How to complete this task: Give only the number of lines in the records that include the string "case".

--- Given data Enclosed Below ---

Lemma rank_setU_const (I T : {set E}) :
  (forall e, e \in T -> v (e |: I) = v I) -> v (I :|: T) = v I.
Proof.
elim/finset_ind: T => [|e T _ IH] vT; first by rewrite setU0.
have {IH} vIT : v (I :|: T) = v I by apply: IH => e' e'T; apply: vT; rewrite !inE e'T orbT.
have -> : I :|: (e |: T) = (I :|: T) :|: (e |: I).
  by apply/setP => y; rewrite !inE; case: (y == e); case: (y \in I); case: (y \in T).
have sI : I \subset (I :|: T) :&: (e |: I) by rewrite subsetI subsetUl subsetUr.
have := v_submod (I :|: T) (e |: I); have := v_mono sI.
have := v_mono (subsetUl (I :|: T) (e |: I)); have := v_mono (subsetUl I T).
by rewrite vIT vT ?setU11; lia.
Qed.

Lemma indep_of_rank_matroid : is_matroid M.
Proof.
split; first by rewrite inE v0 cards0.
  move=> I J; rewrite !inE => /eqP vJ sIJ; apply/eqP.
  have := v_subD sIJ; have := rank_le_card I.
  by rewrite vJ (cardsD_sub sIJ); lia.
move=> I J IM JM lt_IJ; apply/exists_inP; apply: contraT => no_ext.
have vIJ : v (I :|: J) = v I.
  apply: rank_setU_const => e eJ; apply: rank_setU1_dep => // eIM.
  apply: contraR no_ext => eI; apply/exists_inP; exists e => //.
  by rewrite inE eI.
move: IM JM; rewrite !inE => /eqP vI /eqP vJ.
by have := v_mono (subsetUr I J); rewrite vIJ vI vJ; lia.
Qed.

Lemma mrank_indep_of_rank (A : {set E}) : v A = (mrank M A)%:Z.
Proof.
have [I [IM sIA cardI]] := mrank_basis indep_of_rank_matroid A.
have vIA : v (I :|: A) = v I.
  apply: rank_setU_const => e eA; apply: rank_setU1_dep => // eIM.
  have := mrank_ge eIM (_ : e |: I \subset A); rewrite subUset sub1set eA sIA.
  by rewrite -cardI cardsU1 => /(_ isT); case: (e \in I); rewrite //= add1n ltnn.
by move: vIA IM; rewrite (setUidPr sIA) inE -cardI => -> /eqP.
Qed.

Lemma dep_le_indep_of_rank (N : {set {set E}}) :
  (forall A, (mrank N A)%:Z <= v A) -> dep_le M N.
Proof.
move=> rN A; apply: contraNN => AN; rewrite inE; apply/eqP.
by have := rN A; have := rank_le_card A; rewrite (mrank_indep AN); lia.
Qed.

End RankFunction.

Unset Implicit Arguments.

Theorem mainTheorem17 (d : nat) (X : {set {set 'I_d}})
  (vals : nat -> {set 'I_d} -> int) (n : nat) :
  (exists M, is_X_matroid X M) ->
  is_val_X X (vals 0%N) ->
  (forall m, refine_step X (vals m) (vals m.+1)) ->
  stationary X (vals n) ->
  submodular (vals n) ->
  exists M : {set {set 'I_d}},
    [/\ is_X_matroid X M,
        (forall A, vals n A = (mrank M A)%:Z),
        (forall N, is_X_matroid X N -> dep_le M N) &
        (forall N, is_X_matroid X N ->
           (forall N', is_X_matroid X N' -> dep_le N' N -> dep_le N N') ->
           N = M)].
Proof.
move=> [N0 XN0] val0 steps st subm.
have v_mono := stationary_mono st; have v_subD := stationary_subD st.
have v_le_val0 := vals_le_vals0 steps n.
have rank_le_v N (XN : is_X_matroid X N) := mrank_le_vals XN val0 steps n.
have v0 : vals n set0 = 0.
  have := rank_le_v _ XN0 set0; have := v_le_val0 set0; have := val_X_set0_le0 val0.
  by have := mrank_card N0 set0; rewrite cards0; lia.
have minM N (XN : is_X_matroid X N) : dep_le (indep_of_rank (vals n)) N :=
  dep_le_indep_of_rank v0 v_subD (rank_le_v N XN).
have XM : is_X_matroid X (indep_of_rank (vals n)).
  split; first exact: indep_of_rank_matroid v0 v_mono v_subD subm.
  move=> x xX; split.
    rewrite inE; apply/negP => /eqP vx.
    by have := v_le_val0 x; have := val_X_mem_le val0 xX; rewrite vx; lia.
  move=> D pDx; apply: contraTT (proj2 (proj2 XN0 x xX) D pDx).
  exact: minM N0 XN0 D.
exists (indep_of_rank (vals n)); split => //.
  exact: mrank_indep_of_rank v0 v_mono v_subD subm.
by move=> N XN Nmin; apply: dep_le_anti (Nmin _ XM (minM N XN)) (minM N XN).
Qed.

--- End of Enclosed Given data ---

Answer below: 2